Maternal deaths are now following a downward trend.

They currently stand at 807 deaths per 100,000 live births.

During a recent visit to the country, former Irish President Mary Robinson, now a prominent women's rights campaigner, praised the steps taken in Malawi.

"The first thing you need is political will," she said.

"We need to ensure women have access to emergency obstetric care, and we need to address cultural and legal battles that keep women as second-class citizens without a voice in their own country."

Malawi has gone some way to achieving some of this, although campaigners are warning against complacency.

In the village of Pitala, not far from the capital Lilongwe, maternal mortality rates have fallen to zero, according to anecdotal evidence given to the local UN agency.

Village chief Margaret Thole explains that they have started to tell people in the village of the importance of delivering in a hospital.

The message is reinforced with billboard-like inscriptions on the village trees.

But cultural norms dictate that in Malawi the first-born should be delivered at home.
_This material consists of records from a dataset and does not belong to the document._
Lemma bounded_in_absorbed B W U' e : bounded_in O B -> O U' -> U' 0 ->
  0 < e -> [set e *: u | u in U'] `<=` W ->
  exists2 s : R, 0 < s & forall r, s < r -> B `<=` [set r *: w | w in W].
Proof.
move=> bB OU' U'0 e0 eU'W.
have [s [s0 sB]] := bB U' OU' U'0.
exists (s / e); first exact: divr_gt0.
move=> r sr x Bx.
have [u U'u <-] : [set (r * e) *: u | u in U'] x.
  by apply: (sB (r * e)) Bx; rewrite -ltr_pdivrMr.
by exists (e *: u); [apply: eU'W; exists u | rewrite scalerA].
Qed.

Lemma bounded_abs_convex_hull B : bounded_in O B ->
  bounded_in O (abs_convex_hull B).
Proof.
move=> bB U OU U0.
have [W [acW WU] [U' [e [e0 OU' U'0 eU'W]]]] := nbhd0_abs_convex_sub OU U0.
have [s s0 sB] := bounded_in_absorbed bB OU' U'0 e0 eU'W.
exists s; split => // r sr x Bx.
have [w Ww <-] := Bx _ (abs_convex_scale (r := r) acW) (sB r sr).
by exists w => //; exact: WU.
Qed.

End TopologyOn.

Lemma compact_in_trace (R : realType) (X : lmodType R) (O1 O2 : set (set X)) K :
  (forall V, O2 V -> exists U, O1 U /\ U `&` K = V `&` K) ->
  compact_in O1 K -> compact_in O2 K.
Proof.
move=> tr cK I V OV KV.
have /choice [U UV] : forall i, exists U, O1 U /\ U `&` K = V i `&` K.
  by move=> i; exact: tr.
have [D [fD KD]] : exists D, finite_set D /\ K `<=` \bigcup_(i in D) U i.
  apply: cK => [i|k Kk]; first by case: (UV i).
  have [i _ Vik] := KV k Kk; exists i => //.
  by have : (V i `&` K) k by []; rewrite -(UV i).2 => -[].
exists D; split => // k Kk; have [i Di Uik] := KD k Kk.
by exists i => //; have : (U i `&` K) k by []; rewrite (UV i).2 => -[].
Qed.

Theorem corollary3p14 (R : realType) (X : lmodType R)
    (t tt g : set (set X)) :
  lcH t -> lcH tt -> is_gamma t tt g -> BtauBg t g ->
  (semi_montel g <-> BBC t tt).
Proof.
move=> _ _ [[topg addg scaleg hausg convg] gtt _] tg.
have trace_tt K : bounded_in t K -> compact_in g K -> compact_in tt K.
  by move=> tK; apply: compact_in_trace; case: (gtt K tK).
have trace_g K : bounded_in t K -> compact_in tt K -> compact_in g K.
  move=> tK; apply: compact_in_trace => V gV.
  by have [U [ttU /esym]] := (gtt K tK).1 V gV; exists U.
split=> [[_ montel] B tB | bbc].
- set K := closure_in g (abs_convex_hull B).
  have gA : bounded_in g (abs_convex_hull B).
    exact/bounded_abs_convex_hull/tg.
  have tK : bounded_in t K by apply/tg/closure_in_bounded.
  exists K; split => //; last exact: trace_tt tK (montel _ gA).
  + by move=> x Bx U _ Ux; exists x; split => //; exact: sub_abs_convex_hull.
  + exact: closure_in_abs_convex (abs_convex_hull_abs_convex (B := B)).
- split => // B /(tg B).2 tB.
  have [K [BK _ tK ttK]] := bbc B tB.
  have gK := trace_g K tK ttK.
  exact: compact_in_closure_sub gK (closure_in_sub_compact topg hausg gK BK).
Qed.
"We can prepare for it early and the hospital can deal with any complications," she says.

"It's now the main role of the birth attendant to visit the women and deliver this message."

And with the closest health facility some 30km (18 miles) away, Pitala village now has its own bicycle ambulance to ferry patients to hospital.

It is not rocket science, but it is a start.

One of the biggest obstacles to forcing maternal death rates down is the shortage of specialist staff.

Malawi recently trained 200 doctors but now only 50 remain.

Most have been poached by countries that can offer them more pay.

Dorothy Ngoma, head of the main nursing union in Malawi, says countries like Britain have to take some responsibility for Malawi's appalling record on maternal deaths.

A mother and baby in a Malawi hospital
In hospital complications can be dealt with quickly

"We have more Malawian doctors in Manchester than in the whole of Malawi," she says.

"There are more than 200 of them. Imagine if those doctors came back and spread out across our hospitals here, how many women's lives would be saved?

"That is why Great Britain should be our primary target for support."

Africa is hopelessly behind on delivering on two of the key targets set out in the millennium development goals - reducing maternal deaths by 75% by 2015 and ensuring universal access to reproductive healthcare.

What is clear, though, from Malawi's bitter experience is that this is not simply a problem of its own making.